Bautzen, die ehemals böhmische Stadt in der Oberlausitz, besitzt einen besonderen Charme. Mehr als 1000 Jahre alt, Zentrum der sorbischen Minderheit. Alle Straßen sind hier zweisprachig ausgeschildert – auch der Kornmarkt. Und ausgerechnet diesen Platz, ja die ganze Stadt, wollen Neonazis seit Monaten für sich beanspruchen: »Bautzen den Deutschen«, riefen sie wieder in der vergangenen Woche.

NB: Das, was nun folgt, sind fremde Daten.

Lemma upper_colim_factor {p q : P} : (p <= q)%O ->
  {u : L p -> M q | lin u /\
    forall x (hx : waybelow x p) (h : (x <= q)%O) m, u (iota p x hx m) = pm M h m}.
Proof.
move=> pq; apply: cid; case: HU => _ [_ [_ iota_univ]].
pose g x (hx : waybelow x p) := pm M (le_trans (waybelow_le hx) pq).
have [||u [lu [u_iota _]]] := iota_univ p (M q) g.
- by move=> x hx; apply: pmor_lin.
- by move=> *; apply: pmorK.
by exists u; split=> // x hx h m; rewrite u_iota; apply: pmor_irrelevance.
Qed.

Lemma upper_colim_interleaved (Te : P -> P) :
  (forall p, waybelow p (Te p)) -> interleaved Te M L.
Proof.
move=> Tw; have le_T p : (p <= Te p)%O := waybelow_le (Tw p).
case: HU => iota_lin [iota_cocone [iota_nat _]].
pose g p := sval (upper_colim_factor (le_T p)).
have g_lin p : lin (g p) by case: (svalP (upper_colim_factor (le_T p))).
have g_iota p x hx h m : g p (iota p x hx m) = pm M h m.
  by case: (svalP (upper_colim_factor (le_T p))) => _; apply.
exists (fun p => iota (Te p) p (Tw p)), g; split; [|split; [|split]].
- split=> // p q h h' m /=.
  have pTq := le_waybelow_trans h (Tw q).
  by rewrite (iota_cocone (Te q) p q pTq (Tw q) h m) (iota_nat (Te p) (Te q) h' p (Tw p) pTq).
- split=> // p q h h'; apply: upper_colim_ext => [||x hx m].
  + by apply: lin_comp => //; apply: pmor_lin.
  + by apply: lin_comp => //; apply: pmor_lin.
  have xTp : (x <= Te p)%O := le_trans (waybelow_le hx) (le_T p).
  rewrite (iota_nat p q h x hx (waybelow_le_trans hx h) m).
  by rewrite (g_iota q x _ (le_trans xTp h')) (g_iota p x hx xTp); apply/esym/pmorK.
- by move=> p h m /=; rewrite g_iota.
- move=> p h; apply: upper_colim_ext => [||x hx m].
  + by apply: lin_comp.
  + exact: pmor_lin.
  have xTp : (x <= Te p)%O := le_trans (waybelow_le hx) (le_T p).
  have xTTp := le_waybelow_trans xTp (Tw (Te p)).
  rewrite (g_iota p x hx xTp) (iota_cocone _ x (Te p) xTTp (Tw (Te p)) xTp m).
  by rewrite (iota_nat p _ h x hx xTTp m).
Qed.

Im Februar brannte der »Husarenhof«, nachdem bekannt geworden war, dass dieses Hotel Unterkunft für Flüchtlinge werden sollte. Die Täter wurden bis heute nicht ermittelt. Bautzener Rechtsextremisten beteiligten sich im vergangenen Jahr auch an Krawallen in Freital und Heidenau. Kaum Beachtung findet, dass sie nicht nur Jagd auf Flüchtlinge machen, sondern immer wieder auch auf sorbisch sprechende Jugendliche. Nicht selten werden sorbische Schriftzüge überschmiert und in den sorbisch-katholischen Dörfern der Umgebung Wegkreuze geschändet.

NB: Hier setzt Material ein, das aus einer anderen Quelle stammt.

Lemma affine_le_quadratic_away_from_0 (r p q : R) :
  0 < r -> exists A, 0 <= A /\ forall n, r <= n -> p * n + q <= A * n ^ 2.
Proof.
  intro Hr. set (s := / r).
  assert (Hs : 0 < s) by (apply Rinv_0_lt_compat; exact Hr).
  assert (Hrs : r * s = 1) by (apply Rinv_r; lra).
  exists (Rabs p * s + Rabs q * s ^ 2).
  assert (Ap := Rabs_pos p). assert (Aq := Rabs_pos q).
  split; [nra|]. intros n Hn.
  assert (Hns : 1 <= n * s) by nra.
  assert (Pp := RRle_abs p). assert (Pq := RRle_abs q).
  assert (p * n <= Rabs p * n) by (apply Rmult_le_compat_r; lra).
  assert (Rabs p * n <= Rabs p * n * (n * s)) by (assert (0 <= Rabs p * n) by nra; nra).
  assert (1 <= (n * s) * (n * s)) by nra.
  assert (Rabs q <= Rabs q * ((n * s) * (n * s))) by nra.
  replace ((Rabs p * s + Rabs q * s ^ 2) * n ^ 2)
    with (Rabs p * n * (n * s) + Rabs q * ((n * s) * (n * s))) by ring.
  lra.
Qed.

Lemma quadratic_minorant_bound {X : HilbertSpace} (f : X -> R) :
  Phi_lsc_proper f ->
  exists a C, 0 <= a /\ 0 <= C /\ forall x, - a * hnorm x ^ 2 - C * hnorm x - C <= f x.
Proof.
  intros [phi [[a [v [c [Ha [Dv Ephi]]]]] Hphi]].
  destruct (in_dual_bound v Dv) as [Cv [HCv Bv]].
  exists a, (Rmax Cv (Rabs c)). split; [exact Ha|]. split.
  - eapply Rle_trans; [apply HCv | apply Rmax_l].
  - intro x. specialize (Hphi x). rewrite Ephi in Hphi. unfold phi_lsc in Hphi.
    specialize (Bv x). assert (Nx := hnorm_ge0 x).
    assert (Hv := Rle_abs (- v x)). rewrite Rabs_Ropp in Hv.
    assert (Hc := Rle_abs (- c)). rewrite Rabs_Ropp in Hc.
    assert (Cv * hnorm x <= Rmax Cv (Rabs c) * hnorm x)
      by (apply Rmult_le_compat_r; [exact Nx | apply Rmax_l]).
    assert (Rabs c <= Rmax Cv (Rabs c)) by apply Rmax_r.
    lra.
Qed.

Lemma far_quadratic_support {X : HilbertSpace} (f : X -> R) (y : X) (l : X -> R) (r : R) :
  Phi_lsc_proper f -> in_dual l -> 0 < r ->
  exists A, 0 <= A /\ forall h, r <= hnorm h -> f y + l h - A * hnorm h ^ 2 <= f (H_add y h).
Proof.
  intros Hf Dl Hr.
  destruct (quadratic_minorant_bound f Hf) as [a [C [Ha [HC Hmin]]]].
  destruct (in_dual_bound l Dl) as [Cl [HCl Bl]].
  destruct (affine_le_quadratic_away_from_0 r (2 * a * hnorm y + C + Cl)
              (a * hnorm y ^ 2 + C * hnorm y + C + f y) Hr) as [A [HA Hdom]].
  exists (a + A). split; [lra|]. intros h Hh.
  specialize (Hdom _ Hh). specialize (Hmin (H_add y h)). specialize (Bl h).
  assert (Hl := Rle_abs (l h)).
  assert (Tri := hnorm_triangle y h).
  assert (Ny := hnorm_ge0 y). assert (Nh := hnorm_ge0 h).
  assert (Nyh := hnorm_ge0 (H_add y h)).
  assert (a * hnorm (H_add y h) ^ 2 <= a * (hnorm y + hnorm h) ^ 2)
    by (apply Rmult_le_compat_l; [exact Ha | apply pow_incr; lra]).
  assert (C * hnorm (H_add y h) <= C * (hnorm y + hnorm h))
    by (apply Rmult_le_compat_l; lra).
  nra.
Qed.

Lemma in_subdiff_lsc_of_support {X : HilbertSpace} (f : X -> R) (y : X) (a : R) (l : X -> R) :
  0 <= a -> in_dual l ->
  (forall h, f y + l h - a * hnorm h ^ 2 <= f (H_add y h)) ->
  in_subdiff_lsc f y a (fun x => l x + 2 * a * H_inner y x).
Proof.
  intros Ha Dl Hsupp. split; [exact Ha|]. split.
  - apply (in_dual_add l _ Dl (in_dual_inner (2 * a) y)).
  - intro x. set (h := hsub x y).
    assert (Ex : x = H_add y h) by (symmetry; apply hadd_hsub).
    specialize (Hsupp h). rewrite <- Ex in Hsupp.
    rewrite Ex at 2. rewrite hnormD_sq, hnorm_sq. lra.
Qed.

Theorem mainTheorem6 (X : HilbertSpace) (f : X -> R) (xb : X) :
  Phi_lsc_proper f -> Phi_lsc_convex f -> locally_C11 f xb ->
  exists delta, delta > 0 /\
    forall y : X, hnorm (hsub y xb) < delta -> subdiff_lsc_nonempty f y.
Proof.
  intros Hproper _ [delta [Df [L [Hd [HG HL]]]]].
  exists (delta / 2). split; [lra|]. intros y Hy.
  assert (Dy : in_dual (Df y))
    by (apply (HG y); unfold ball; pose proof (hnorm_ge0 (hsub y xb)); lra).
  destruct (far_quadratic_support f y (Df y) (delta / 2) Hproper Dy ltac:(lra))
    as [A [HA Hfar]].
  set (a := Rmax (Rabs L) A).
  assert (HLa : Rabs L <= a) by apply Rmax_l.
  assert (HAa : A <= a) by apply Rmax_r.
  exists a, (fun x => Df y x + 2 * a * H_inner y x).
  apply in_subdiff_lsc_of_support; [pose proof (Rabs_pos L); lra | exact Dy |].
  intro h. assert (Hh2 := pow2_ge_0 (hnorm h)).
  destruct (Rlt_le_dec (hnorm h) (delta / 2)) as [Hnear | Hfar_h].
  - assert (Hloc := local_quadratic_support f xb delta Df L HG HL y h ltac:(lra)).
    nra.
  - specialize (Hfar h Hfar_h). nra.
Qed.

schuldfrage Nun die Ausschreitungen in Bautzen: Der seit Monaten brodelnde Konflikt eskalierte zwischen 80 Einheimischen und 20 jungen Ausländern. Die Schuldfrage ist eigentlich nebensächlich. Wer warf den ersten Stein? Aber genau das nehmen Rechtspopulisten zum Anlass, von der Stadt zu fordern, »die Missstände« zu beseitigen. Eine offene Drohung.
Die Bundesregierung verurteilte die Gewalt. Es müsse dafür gesorgt werden, dass die Gesetze sowohl von Asylbewerbern als auch von einheimischen Bürgern eingehalten werden. Vergessen wird dabei, dass es auch in Bautzen unzählige Menschen gibt, die Flüchtlingen helfen. Still. Uneigennützig. Und übersehen wird offenbar auch, dass sich nur wenige Einwohner an dem Asylprotest beteiligten. Doch die Lage bleibt angespannt, fühlt sich doch die Bautzener Neonaziszene nicht nur stark, sondern auch bestätigt.
Ein beängstigender Zustand. Trifft er doch alle Minderheiten. Flüchtlinge. Sorben. Juden.
Der Autor ist freier Journalist in Dresden.